More than 22 years ago, I met my amazing wife and was welcomed into her wonderful family. At the time, I was a project manager working for Lotus Consulting. I managed the rollout of large Lotus Notes implementations as well as the development of Notes applications. Over the years, I had many great conversations with my father-in-law, Jerry. He was a senior executive at CalTrans (California’s department of transportation), but earlier in his career he had also been a project manager. Did we do the same job? Well, not really. I rolled out email systems. He managed a little project called Interstate Highway 5 from the Oregon border to Mexico — California’s portion of a 1,381 mile stretch of road. While he was far too gracious and modest a person to say so, the scale, complexity, and risk that he managed were far beyond anything I could even imagine. Nevertheless, he spoke to me as a peer and I was honored that he did so.

One of my favorite stories from Jerry was how he drove the introduction of PCs at CalTrans in the late 1980s. At the time, his engineers were wedded to two primary business tools: drafting tables and computing power, the latter of which was purchased from a California government service provider called the Teale Data Center.

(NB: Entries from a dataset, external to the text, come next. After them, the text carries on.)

Lemma LKer_sum_subalgebra : is_subalgebra H LKer_sum.
Proof.
split; first exact: LKer_sum_subspace.
split.
  exists [:: (1, hunit H)]; split; last by rewrite big_seq1.
  by move=> p; rewrite inE => /eqP -> /=; split; [exact: normr1 | exact: LKer_unit].
move=> x y [sx [hx ->]] [sy [hy ->]].
exists [seq (pq.1.1 * pq.2.1, hmul H pq.1.2 pq.2.2) | pq <- [seq (p, q) | p <- sx, q <- sy]].
split; last first.
  rewrite big_map big_allpairs linear_sumlz /=.
  by apply: eq_bigr => p _; rewrite linear_sumr.
move=> r /mapP[[p q] /allpairsP[[p' q'] [/= p's q's [-> ->]]] ->] /=.
have [p1 hp] := hx _ p's; have [q1 hq] := hy _ q's.
by split; [rewrite normrM p1 q1 mulr1 | exact: LKer_mul].
Qed.

End LKerSum.

Theorem lemma3p1 (C : numClosedFieldType) (n : nat) (H : hopf_data C n)
  (d : nat) (rho : 'I_n -> 'M[C]_d) :
  is_hopf H -> is_hmod H rho ->
  (* (i) *)
  (forall w : C, `|w| = 1 ->
     (exists h, h != 0 /\ LKer H rho w h) ->
     is_left_coideal H (LKer H rho w) /\ ad_stable H (LKer H rho w)) /\
  (* (ii) *)
  (forall w w' : C, `|w| = 1 -> `|w'| = 1 ->
     forall x y, LKer H rho w x -> LKer H rho w' y ->
       LKer H rho (w * w') (hmul H x y)) /\
  (* (iii) *)
  (forall (w : C) (l : nat), `|w| = 1 -> w ^+ l = 1 ->
     forall h, LKer H rho w h -> LKer H (projT2 (tpow H rho l)) 1 h) /\
  (* (iv) *)
  ((0 < d)%N -> LKer_direct H rho) /\
  is_left_coideal H (LKer_sum H rho) /\
  is_subalgebra H (LKer_sum H rho) /\
  ad_stable H (LKer_sum H rho).
Proof.
move=> hH hR; split; [|split; [|split; [|split]]].
- move=> w _ _; split; first exact: LKer_left_coideal.
  by move=> h a; exact: LKer_hadj.
- by move=> w w' _ _ x y; exact: LKer_mul.
- by move=> w l _ wl h; exact: LKer_tpow.
- move=> d_gt0 s uniq_s hs; apply: (LKer_direct_sum (H := H) (rho := rho) d_gt0 uniq_s) => p ps.
  by have [] := hs p ps.
split; [exact: LKer_sum_left_coideal | split; [exact: LKer_sum_subalgebra |]].
exact: LKer_sum_ad_stable.
Qed.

Jerry recognized two things: Drafting tables were inherently inefficient and the Teale Data Center was really expensive. He saw an opportunity with the emergence of personal computing. Move common tasks done on paper to a computer and move expensive processing to local PCs. The engineers resisted the change. “It will never work!” they cried.

Here’s what Jerry did. He had all of the individual drafting tables removed and replaced with desks. He outfitted each desk with a Compaq PC and VisiCalc (Sun workstations running AutoCAD came later). He left one shared drafting table in the middle of the room. He had a vision and the executive power to take the risk. He saw a better way to work and he hit the fast-forward button. Was it easy? Nope. Lots of issues, lots of complaints, lots of stuff that really didn’t work as well in the early PC world as they did with the old tools. In the end, was Jerry right? Duh? Imagine walking into a complex engineering environment today and finding drafting tables and dumb terminals. Did he move too fast? Some would say he did, others would not. The point is that we now know that the destination was inevitable and the only variable was the pace of getting there.

Are we on the road to social business? Yes. Are there Jerry Russells out there who see the vision and are hitting the fast-forward button? Yes: At IBM Connect, Bosch presented a case study in which all of the content and communications related to moving a manufacturing line were required to be in Connections. Think that resulted in some outcry? No doubt. The result? The time to bring up the new line shrank from 40 days to nine.

Every desk at CalTrans now has a PC. I have no doubt that, in 10 years, every employee at Bosch will interact in a fundamentally more social manner and that those social interactions will become more deeply embedded in core business processes and activities. Sometimes it’s difficult to remember that we’re on a journey — and sometimes the journey entails problems and challenges. It’s easy to fall into the trap of thinking that today’s blockers (lack of adoption, path to critical mass, difficulty measuring business value…) are evidence that the destination can’t be reached. Malarkey.